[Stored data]
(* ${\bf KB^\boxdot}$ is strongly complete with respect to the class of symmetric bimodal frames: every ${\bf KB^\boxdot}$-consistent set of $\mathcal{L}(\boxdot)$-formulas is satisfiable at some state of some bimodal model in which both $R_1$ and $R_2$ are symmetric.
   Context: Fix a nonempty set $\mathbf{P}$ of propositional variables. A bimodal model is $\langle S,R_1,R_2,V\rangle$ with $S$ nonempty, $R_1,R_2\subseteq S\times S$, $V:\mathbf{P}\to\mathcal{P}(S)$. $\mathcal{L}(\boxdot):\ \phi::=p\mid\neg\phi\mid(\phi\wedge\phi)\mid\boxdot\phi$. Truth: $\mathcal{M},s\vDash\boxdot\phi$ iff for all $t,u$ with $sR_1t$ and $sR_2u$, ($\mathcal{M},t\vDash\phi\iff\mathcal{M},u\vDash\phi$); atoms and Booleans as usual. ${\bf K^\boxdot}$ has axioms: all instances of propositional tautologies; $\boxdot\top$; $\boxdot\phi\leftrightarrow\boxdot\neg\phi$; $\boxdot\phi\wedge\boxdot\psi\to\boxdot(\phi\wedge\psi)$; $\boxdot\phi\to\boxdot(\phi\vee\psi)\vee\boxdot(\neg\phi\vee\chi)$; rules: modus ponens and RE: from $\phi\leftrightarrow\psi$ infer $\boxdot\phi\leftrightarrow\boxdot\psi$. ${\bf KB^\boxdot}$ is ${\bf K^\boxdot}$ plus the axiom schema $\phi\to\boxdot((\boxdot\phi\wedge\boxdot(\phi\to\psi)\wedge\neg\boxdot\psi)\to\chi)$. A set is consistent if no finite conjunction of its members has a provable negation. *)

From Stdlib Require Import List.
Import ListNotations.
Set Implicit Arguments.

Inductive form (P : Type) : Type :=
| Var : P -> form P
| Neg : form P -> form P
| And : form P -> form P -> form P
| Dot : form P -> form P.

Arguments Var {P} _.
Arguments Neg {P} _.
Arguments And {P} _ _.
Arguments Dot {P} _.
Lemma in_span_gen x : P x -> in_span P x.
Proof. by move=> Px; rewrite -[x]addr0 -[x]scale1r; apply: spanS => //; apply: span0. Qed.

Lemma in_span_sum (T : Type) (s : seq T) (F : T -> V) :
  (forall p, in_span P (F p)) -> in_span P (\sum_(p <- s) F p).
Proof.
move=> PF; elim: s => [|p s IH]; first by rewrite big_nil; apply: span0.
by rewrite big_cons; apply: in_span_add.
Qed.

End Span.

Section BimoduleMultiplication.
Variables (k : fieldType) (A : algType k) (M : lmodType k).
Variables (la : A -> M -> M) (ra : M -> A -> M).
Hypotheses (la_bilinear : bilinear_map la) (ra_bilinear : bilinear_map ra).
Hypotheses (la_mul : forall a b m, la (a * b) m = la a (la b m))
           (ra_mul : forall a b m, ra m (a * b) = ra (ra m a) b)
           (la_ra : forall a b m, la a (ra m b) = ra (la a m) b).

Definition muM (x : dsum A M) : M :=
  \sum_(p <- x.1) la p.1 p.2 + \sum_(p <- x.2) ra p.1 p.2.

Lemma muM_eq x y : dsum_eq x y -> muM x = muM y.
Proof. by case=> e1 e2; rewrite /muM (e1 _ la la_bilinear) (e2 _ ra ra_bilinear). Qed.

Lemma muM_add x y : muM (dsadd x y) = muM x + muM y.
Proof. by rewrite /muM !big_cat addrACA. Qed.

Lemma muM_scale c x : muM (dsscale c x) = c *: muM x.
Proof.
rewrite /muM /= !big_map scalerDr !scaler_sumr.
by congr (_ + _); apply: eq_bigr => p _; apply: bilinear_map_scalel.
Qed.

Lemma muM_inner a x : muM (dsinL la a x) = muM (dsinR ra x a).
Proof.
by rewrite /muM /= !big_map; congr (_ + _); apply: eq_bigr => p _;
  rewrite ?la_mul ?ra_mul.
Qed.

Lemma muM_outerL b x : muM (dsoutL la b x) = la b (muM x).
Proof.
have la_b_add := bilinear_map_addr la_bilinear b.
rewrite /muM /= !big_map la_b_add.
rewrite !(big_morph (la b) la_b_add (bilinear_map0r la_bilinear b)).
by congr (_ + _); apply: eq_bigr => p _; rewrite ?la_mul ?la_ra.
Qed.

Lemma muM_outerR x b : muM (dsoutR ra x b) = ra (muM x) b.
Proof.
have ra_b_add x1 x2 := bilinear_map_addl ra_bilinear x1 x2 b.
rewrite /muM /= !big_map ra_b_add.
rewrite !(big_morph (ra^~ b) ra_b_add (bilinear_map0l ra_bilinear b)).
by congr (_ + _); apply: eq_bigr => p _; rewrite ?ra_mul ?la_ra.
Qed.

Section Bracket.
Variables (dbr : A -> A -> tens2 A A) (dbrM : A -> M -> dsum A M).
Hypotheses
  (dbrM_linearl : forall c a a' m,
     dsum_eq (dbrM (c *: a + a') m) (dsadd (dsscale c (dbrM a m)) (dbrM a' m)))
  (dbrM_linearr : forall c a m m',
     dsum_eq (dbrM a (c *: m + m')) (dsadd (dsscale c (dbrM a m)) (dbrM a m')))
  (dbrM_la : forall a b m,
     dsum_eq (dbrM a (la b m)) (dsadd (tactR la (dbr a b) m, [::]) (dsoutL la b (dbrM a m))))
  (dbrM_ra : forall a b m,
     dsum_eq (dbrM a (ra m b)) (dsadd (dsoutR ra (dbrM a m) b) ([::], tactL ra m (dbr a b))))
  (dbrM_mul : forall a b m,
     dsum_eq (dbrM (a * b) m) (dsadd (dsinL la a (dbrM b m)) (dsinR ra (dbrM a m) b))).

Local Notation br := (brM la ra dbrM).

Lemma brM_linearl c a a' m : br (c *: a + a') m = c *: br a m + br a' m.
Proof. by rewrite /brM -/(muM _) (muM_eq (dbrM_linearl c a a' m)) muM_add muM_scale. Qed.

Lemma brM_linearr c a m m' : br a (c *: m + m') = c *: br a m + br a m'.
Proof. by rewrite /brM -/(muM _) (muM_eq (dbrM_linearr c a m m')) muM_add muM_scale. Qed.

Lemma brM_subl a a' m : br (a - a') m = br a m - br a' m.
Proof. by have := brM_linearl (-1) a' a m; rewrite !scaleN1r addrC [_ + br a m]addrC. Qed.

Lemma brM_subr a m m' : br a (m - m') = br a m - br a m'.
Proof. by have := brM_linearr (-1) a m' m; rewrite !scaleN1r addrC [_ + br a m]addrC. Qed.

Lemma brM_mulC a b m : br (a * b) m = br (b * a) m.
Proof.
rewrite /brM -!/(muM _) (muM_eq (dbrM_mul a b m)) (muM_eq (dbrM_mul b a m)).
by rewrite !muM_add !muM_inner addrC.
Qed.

Work order:
Report the lines above that have the word "dsscale" in them.

Expected answer:
Lemma muM_scale c x : muM (dsscale c x) = c *: muM x.
     dsum_eq (dbrM (c *: a + a') m) (dsadd (dsscale c (dbrM a m)) (dbrM a' m)))
     dsum_eq (dbrM a (c *: m + m')) (dsadd (dsscale c (dbrM a m)) (dbrM a m')))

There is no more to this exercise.